Barbara was still standing by the office counter, staring at him. She took a breath as though she was about to speak, took a step toward him, and stopped, biting her lip. “Josh,” she said. “You know, I’m sorry that— If you need a place to stay now, you could move back in.”
Josh squinted at her. Was she kidding?
Barbara’s light blue eyes squinted back at him, perfectly sincere. “As long as—you know: no pets.”
“Well . . . thanks,” muttered Josh. “I would like to. I definitely would.” He managed a smile. “So—I’ll see you tonight.”
Handing Lola’s leash to Erica, Barbara said, “Actually I might not see you tonight, because I’m going to the selectmen’s meeting to speak up for the wind turbine. But you can let yourself in. You’ll remember where the spare key is, this time?”

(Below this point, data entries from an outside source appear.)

Lemma rhoTSD_congr (F : {set {set VI}} -> {set {set VI}}) A B :
  rhoTSD k A = rhoTSD k B ->
  (forall A B, tsd_sub k A B -> tsd_sub k (F A) (F B)) ->
  rhoTSD k (F A) = rhoTSD k (F B).
Proof.
move=> AB Fmono; apply/eqP; rewrite eqEsubset !tsd_sub_rhoS //;
  by apply/Fmono/rhoS_tsd_sub; rewrite AB.
Qed.

Lemma tsd_sub_setUl A B sh : tsd_sub k A B -> tsd_sub k (sh :|: A) (sh :|: B).
Proof.
move=> AB; apply: tsd_subU; last exact: tsd_subW AB (subsetUr _ _).
by move=> S Ssh; apply: mem_rhoTSD; rewrite inE Ssh.
Qed.

Lemma tsd_sub_proj A B V : tsd_sub k A B -> tsd_sub k (proj A V) (proj B V).
Proof.
move=> AB; apply: tsd_subU; last first.
  by move=> S SV; apply: mem_rhoTSD; rewrite inE SV orbT.
move=> _ /imsetP [W /setIdP [WA WVn0] ->] _; apply/rhoTSDP; split => // T.
rewrite subsetI => /andP [TW TV] Tn0 Tk.
have [U UB /andP [TU UW]] := tsd_sub_cover AB WA TW Tn0 Tk.
have UVn0 : U :&: V != set0.
  by apply: contraNneq Tn0 => UV0; rewrite -subset0 -UV0 subsetI TU TV.
exists (U :&: V); last by rewrite subsetI TU TV setSI.
by rewrite inE; apply/orP; left; apply/imsetP; exists U; rewrite ?inE ?UB.
Qed.

Lemma tsd_sub_setD_rel A B W : tsd_sub k A B ->
  tsd_sub k (A :\: Defs.rel W A) (B :\: Defs.rel W B).
Proof.
move=> AB S /setDP [SA]; rewrite inE SA negbK => /eqP SW0 Sn0.
have /rhoTSDP [_ HS] := AB S SA Sn0; apply/rhoTSDP; split => // T TS Tn0 Tk.
have [U UB /andP [TU US]] := HS T TS Tn0 Tk.
exists U; rewrite ?TU ?US // !inE UB andbT negbK -subset0 -SW0.
exact: setSI.
Qed.

(* Adding a point of C :&: V to T is what makes the covering group V-relevant. *)
Lemma tsd_sub_cover_rel A B C V T : tsd_sub k A B ->
  C \in Defs.rel V A -> T \subset C -> #|T| < k ->
  exists2 U, U \in Defs.rel V B & (T \subset U) && (U \subset C).
Proof.
move=> AB /setIdP [CA /set0Pn [a /setIP [aC aV]]] TC Tk.
have aTC : a |: T \subset C by rewrite subUset sub1set aC TC.
have aTn0 : a |: T != set0 by apply/set0Pn; exists a; rewrite !inE eqxx.
have aTk : #|a |: T| <= k by rewrite cardsU1; have := leq_b1 (a \notin T); lia.
have [U UB /andP [aTU UC]] := tsd_sub_cover AB CA aTC aTn0 aTk.
have aU : a \in U by apply: (subsetP aTU); rewrite !inE eqxx.
exists U; last by rewrite UC (subset_trans (subsetUr _ _) aTU).
by rewrite inE UB; apply/set0Pn; exists a; rewrite inE aU.
Qed.

End Preorder.

Lemma star_cover sh S : S \in star sh ->
  S != set0 /\ forall y, y \in S -> exists2 C, C \in sh & (y \in C) && (C \subset S).
Proof.
rewrite inE => /andP [Sn0 /existsP [G /andP [Gsh /eqP SE]]]; split => // y.
rewrite SE => /bigcupP [C CG yC].
by exists C; rewrite ?(subsetP Gsh) ?yC ?SE ?bigcup_sup.
Qed.

Lemma bigcup_star sh G : G \subset sh ->
  \bigcup_(U in G) U != set0 -> \bigcup_(U in G) U \in star sh.
Proof.
by move=> Gsh Gn0; rewrite inE Gn0 /=; apply/existsP; exists G; rewrite Gsh eqxx.
Qed.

As Josh turned toward the staff bathroom, Erica said, “Wait a minute.” She grabbed a new Coastal Canine T-shirt from the pile on a shelf and handed it to him. “Change your shirt, too.”

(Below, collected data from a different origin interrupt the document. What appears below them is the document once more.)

(* Under the same assumptions the supergradients of the [g_n] are positive
   ([g_n] is increasing) and [g_n x - l x >= g_n 0 >= q1 0 >= 0], so the
   affine majorants can be taken of the form [l + c] with [l] positive
   linear and [c >= 0]. *)
Lemma spf_positive_dual : H (Xzero Xs) -> 0 <= q1 (vzero (Xs O)) ->
  forall x, Y x ->
  F x = Rbar_inf (fun r => exists (l : prodX Xs -> R) (c : R),
    pos_linear_on Y l /\ 0 <= c /\
    (forall h x', H h -> Y x' -> Xle h x' -> Q h <= l x' + c) /\ r = l x + c).
Proof.
intros H0 q0 x Yx. symmetry. apply Rbar_inf_eq. split.
- intros r [l [c [_ [_ [hl ->]]]]]. apply spf_le. intros h Hh hx. now apply hl.
- intros u hu. apply spf_ge_levels; [exact Yx|]. intro n.
  destruct (level_sup_supergradient n x Yx) as [l [l_add [l_scal l_super]]].
  assert (l_zero : l (Xzero Xs) = 0).
  { rewrite <- (Xscal_0 Xs (Xzero Xs)), l_scal; [ring | apply Y_zero]. }
  assert (g0 : q1 (vzero (Xs O)) <= level_sup n (Xzero Xs)).
  { apply (level_sup_ge n _ (Xzero Xs) Y_zero H0). apply vle_refl. }
  apply hu. exists l, (level_sup n x - l x). split; [|split; [|split]].
  + split; [exact l_add | split; [exact l_scal|]]. intros y Yy hy.
    pose proof (l_super (Xadd x y) (Y_add _ _ Yx Yy)) as super_xy.
    rewrite l_add in super_xy by auto.
    assert (mono : level_sup n x <= level_sup n (Xadd x y)).
    { apply level_sup_mono; [exact Yx | now apply Y_add|].
      pose proof (vle_add _ _ (x n) (hy n)) as shift.
      unfold Xzero in shift. now rewrite vadd_0l, vadd_comm in shift. }
    lra.
  + pose proof (l_super (Xzero Xs) Y_zero) as super_0. rewrite l_zero in super_0. lra.
  + intros h x' Hh Yx' hx'. apply Rle_trans with (level_sup n x'); [now apply level_sup_ge|].
    specialize (l_super x' Yx'). lra.
  + ring.
Qed.

End Supremal.

Theorem mainTheorem10 (Xs : nat -> VL) (p : forall n, Xs (S n) -> Xs n)
  (Y : prodX Xs -> Prop) (q1 : Xs O -> R) (H : prodX Xs -> Prop) :
  regular p -> reduced p ->
  subspace p Y ->
  increasing_fun q1 -> concave_fun q1 ->
  convex_subset p H ->
  (* (ii) H_n = pr_n H is minorizing for pr_n X_0 *)
  (forall n y, Y y -> exists h, H h /\ vle (h n) (y n)) ->
  (* (v) *)
  (forall (hs : nat -> prodX Xs) (m : R),
     (forall k, H (hs k)) -> (forall k, Xle (hs (S k)) (hs k)) ->
     is_inf_Rbar (fun r => exists k, r = qof q1 (hs k)) (Fin m) ->
     (exists b, inLim p b /\ forall k, Xle b (hs k)) /\
     (exists g, is_inf_X p (fun z => exists k, z = hs k) g /\ m <= qof q1 g)) ->
  (* (iii)-(iv) *)
  (forall hs : nat -> prodX Xs,
     (forall k, H (hs k)) ->
     (exists l u, inLim p l /\ inLim p u /\
        forall k, Xle l (hs k) /\ Xle (hs k) u) ->
     exists s : nat -> prodX Xs,
       (forall n, is_sup_X p (fun z => exists k, (n <= k)%nat /\ z = hs k) (s n)) /\
       (exists g, is_inf_X p (fun z => exists n, z = s n) g /\ H g)) ->
  (forall x, inLim p x -> spf H (qof q1) x <> p_infty) /\
  concave_Rbar p (spf H (qof q1)) /\
  (forall x, Y x ->
     spf H (qof q1) x =
     Rbar_inf (fun r => exists a : prodX Xs -> R,
        affine_on Y a /\
        (forall h x', H h -> Y x' -> Xle h x' -> qof q1 h <= a x') /\
        r = a x)) /\
  (H (Xzero Xs) -> 0 <= q1 (vzero (Xs O)) ->
     (forall x, inLim p x -> Xle (Xzero Xs) x -> Rbar_le (Fin 0) (spf H (qof q1) x)) /\
     (forall x, Y x ->
        spf H (qof q1) x =
        Rbar_inf (fun r => exists (l : prodX Xs -> R) (c : R),
           pos_linear_on Y l /\ 0 <= c /\
           (forall h x', H h -> Y x' -> Xle h x' -> qof q1 h <= l x' + c) /\
           r = l x + c))).
Proof.
intros p_reg _ Y_sub q1_inc q1_conc H_conv H_min H_inf H_lsup.
split; [|split; [|split]].
- intros x _. apply spf_not_p_infty, q1_inc.
- now apply spf_concave.
- intros x Yx. now apply (spf_affine_dual _ p Y).
- intros H0 q0. split.
  + intros x _ hx. now apply spf_nonneg.
  + intros x Yx. now apply (spf_positive_dual _ p Y).
Qed.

In the bathroom, Josh leaned on the sink and looked into his bloodshot eyes. The kennel people were being so kind to him, it brought a lump to his throat. Even Uncle George had restrained himself from saying, “I could have told you what would happen if you roomed with Rick Johnson. A piece of work, always has been.” Although that might come later.
Josh still had to face Rune, he realized as he washed soot off his face and arms and changed out of his ripped, dirty T-shirt. With her Tarot cards, Rune had pegged him as the Fool, feather-headed, not even looking where he was going. She was right.
But when he joined Rune in the exercise pens, she only shook her head sympathetically. “I’ll put some aloe ointment on those scratches.”
Again Josh felt overwhelmed with gratitude. The day care dogs milled around him, nudging, licking, sniffing. Tucker shoved the rest of them aside and began cleansing Josh’s scratched arms with his tongue in a proprietary way.